[Problem details] Print the records below from the first line through the line containing "(forall x, I", both included, word for word.

Data items
Lemma ext_derivation_cvg a y :
  D a (sandwich t y) @[t --> U] --> ext_derivation a y.
Proof.
have [C C0 DC] := dual_elt_bounded (D_dual a).
have Hb t : `|D a (sandwich t y)| <= C%:C * (M%:C ^+ 2 * `|y|).
  by apply: norm_D_sandwich_le; rewrite ?ler0c.
exact (ultra_bounded_cvg_complex UU Hb).
Qed.

Lemma norm_ext_derivation_le a k y : 0 <= k ->
    (forall x, I x -> `|D a x| <= k * `|x|) ->
  `|ext_derivation a y| <= k * (M%:C ^+ 2 * `|y|).
Proof.
move=> k0 Dk; apply: (norm_cvg_le (ext_derivation_cvg a y)) => [|t].
  by rewrite ger0_real // !mulr_ge0 ?exprn_ge0.
exact: norm_D_sandwich_le.
Qed.

Lemma ext_derivation_eq a x : I x -> ext_derivation a x = D a x.
Proof.
move=> Ix; apply: cvg_lim => //.
exact (dual_elt_cvg HI (D_dual a) (sandwich_ideal^~ x) Ix (sandwich_cvg x Ix)).
Qed.

Lemma ext_derivation_linear a k x y :
  ext_derivation a (k *: x + y) = k * ext_derivation a x + ext_derivation a y.
Proof.
apply: cvg_lim => //.
have -> : (fun t => D a (sandwich t (k *: x + y))) =
    (fun t => k * D a (sandwich t x) + D a (sandwich t y)).
  apply/funext => t; rewrite sandwich_linear.
  by case: (D_dual a) => Dlin _; apply: Dlin; apply: sandwich_ideal.
by apply: cvgD; [apply: cvgM; [exact: cvg_cst|]|]; exact: ext_derivation_cvg.
Qed.

Lemma ext_derivation_linear_l k a b y :
  ext_derivation (k *: a + b) y = k * ext_derivation a y + ext_derivation b y.
Proof.
apply: cvg_lim => //.
have -> : (fun t => D (k *: a + b) (sandwich t y)) =
    (fun t => k * D a (sandwich t y) + D b (sandwich t y)).
  apply/funext => t; case: HD => _ Dlin _ _.
  by apply: Dlin; apply: sandwich_ideal.
by apply: cvgD; [apply: cvgM; [exact: cvg_cst|]|]; exact: ext_derivation_cvg.
Qed.

Lemma ext_derivation_leibniz a b y :
  ext_derivation (mul a b) y =
  ext_derivation b (mul y a) + ext_derivation a (mul b y).
Proof.
apply: cvg_lim => //.
have Isy t := sandwich_ideal t y.
have -> : (fun t => D (mul a b) (sandwich t y)) = (fun t =>
    (D b (sandwich t (mul y a)) + D a (sandwich t (mul b y))) +
    (D b (mul (sandwich t y) a - sandwich t (mul y a)) +
     D a (mul b (sandwich t y) - sandwich t (mul b y)))).
  apply/funext => t; case: HD => _ _ _ ->; last exact: Isy.
  rewrite (dual_eltB (D_dual b) (idealMr HI a (Isy t)) (sandwich_ideal t _)).
  rewrite (dual_eltB (D_dual a) (idealMl HI b (Isy t)) (sandwich_ideal t _)).
  by rewrite addrACA !subrKC.
have c1 : D b (mul (sandwich t y) a - sandwich t (mul y a)) @[t --> U] --> 0.
  rewrite -(dual_elt0 HI (D_dual b)).
  exact (dual_elt_cvg HI (D_dual b) (fun t => idealB HI (idealMr HI a (Isy t))
    (sandwich_ideal t _)) (ideal0 HI) (sandwich_mulr_cvg0 a y)).
have c2 : D a (mul b (sandwich t y) - sandwich t (mul b y)) @[t --> U] --> 0.
  rewrite -(dual_elt0 HI (D_dual a)).
  exact (dual_elt_cvg HI (D_dual a) (fun t => idealB HI (idealMl HI b (Isy t))
    (sandwich_ideal t _)) (ideal0 HI) (sandwich_mull_cvg0 b y)).
rewrite -[_ + ext_derivation a _]addr0 -(addr0 0).
exact (cvgD (cvgD (ext_derivation_cvg b _) (ext_derivation_cvg a _))
  (cvgD c1 c2)).
Qed.

Lemma ext_derivation_is_derivation : dual_derivation mul setT ext_derivation.
Proof.
split=> [a|k a b y _||a b y _].
- split=> [k x y _ _|]; first exact: ext_derivation_linear.
  have [C C0 DC] := dual_elt_bounded (D_dual a).
  exists (C * M ^+ 2) => y _; rewrite rmorphM rmorphXn -mulrA.
  by apply: norm_ext_derivation_le => [|x]; [rewrite ler0c|apply: DC].
- exact: ext_derivation_linear_l.
- have [C C0 DC] := dual_derivation_bounded HD.
  exists (C * M ^+ 2) => a y _.
  have -> : (C * M ^+ 2)%:C * `|a| * `|y| = C%:C * `|a| * (M%:C ^+ 2 * `|y|).
    by rewrite rmorphM rmorphXn; ring.
  by apply: norm_ext_derivation_le => [|x]; [rewrite mulr_ge0 ?ler0c|apply: DC].
- exact: ext_derivation_leibniz.
Qed.

Lemma derivation_inner_of_weakly_amenable :
  weakly_amenable mul -> inner_dual_derivation mul I D.
Proof.
move=> /(_ _ ext_derivation_is_derivation) [w [w_dual w_inner]].
exists w; split; first exact: dual_elt_sub w_dual.
by move=> a x Ix; rewrite -ext_derivation_eq // w_inner.
Qed.

End quasi_central_extension.

Theorem theorem3p3 (R : realType) (A : completeNormedModType R[i])
    (mul : A -> A -> A) (I : set A)
    (Idx : Type) (le : Idx -> Idx -> Prop) (e : Idx -> A) :
  banach_algebra_mul mul ->
  weakly_amenable mul ->
  closed_ideal mul I ->
  directed_set le ->
  bounded_approx_identity mul I le e ->
  quasi_central mul le e ->
  I_weakly_amenable mul I.
Proof.
move=> Hmul HWA HI le_directed [eI [M e_bounded] e_approx] e_central D HD.
have [U [UU U_tails]] := directed_ultrafilter le_directed.
apply: (derivation_inner_of_weakly_amenable Hmul HI UU eI e_bounded _ _ _ HD)
  HWA.
- by move=> x /e_approx [_ e_left]; apply: net_cvg_filter U_tails e_left.
- by move=> x /e_approx [e_right _]; apply: net_cvg_filter U_tails e_right.
- by move=> a; apply: net_cvg_filter U_tails (e_central a).
Qed.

[Solution to the exercise]
Lemma ext_derivation_cvg a y :
  D a (sandwich t y) @[t --> U] --> ext_derivation a y.
Proof.
have [C C0 DC] := dual_elt_bounded (D_dual a).
have Hb t : `|D a (sandwich t y)| <= C%:C * (M%:C ^+ 2 * `|y|).
  by apply: norm_D_sandwich_le; rewrite ?ler0c.
exact (ultra_bounded_cvg_complex UU Hb).
Qed.

Lemma norm_ext_derivation_le a k y : 0 <= k ->
    (forall x, I x -> `|D a x| <= k * `|x|) ->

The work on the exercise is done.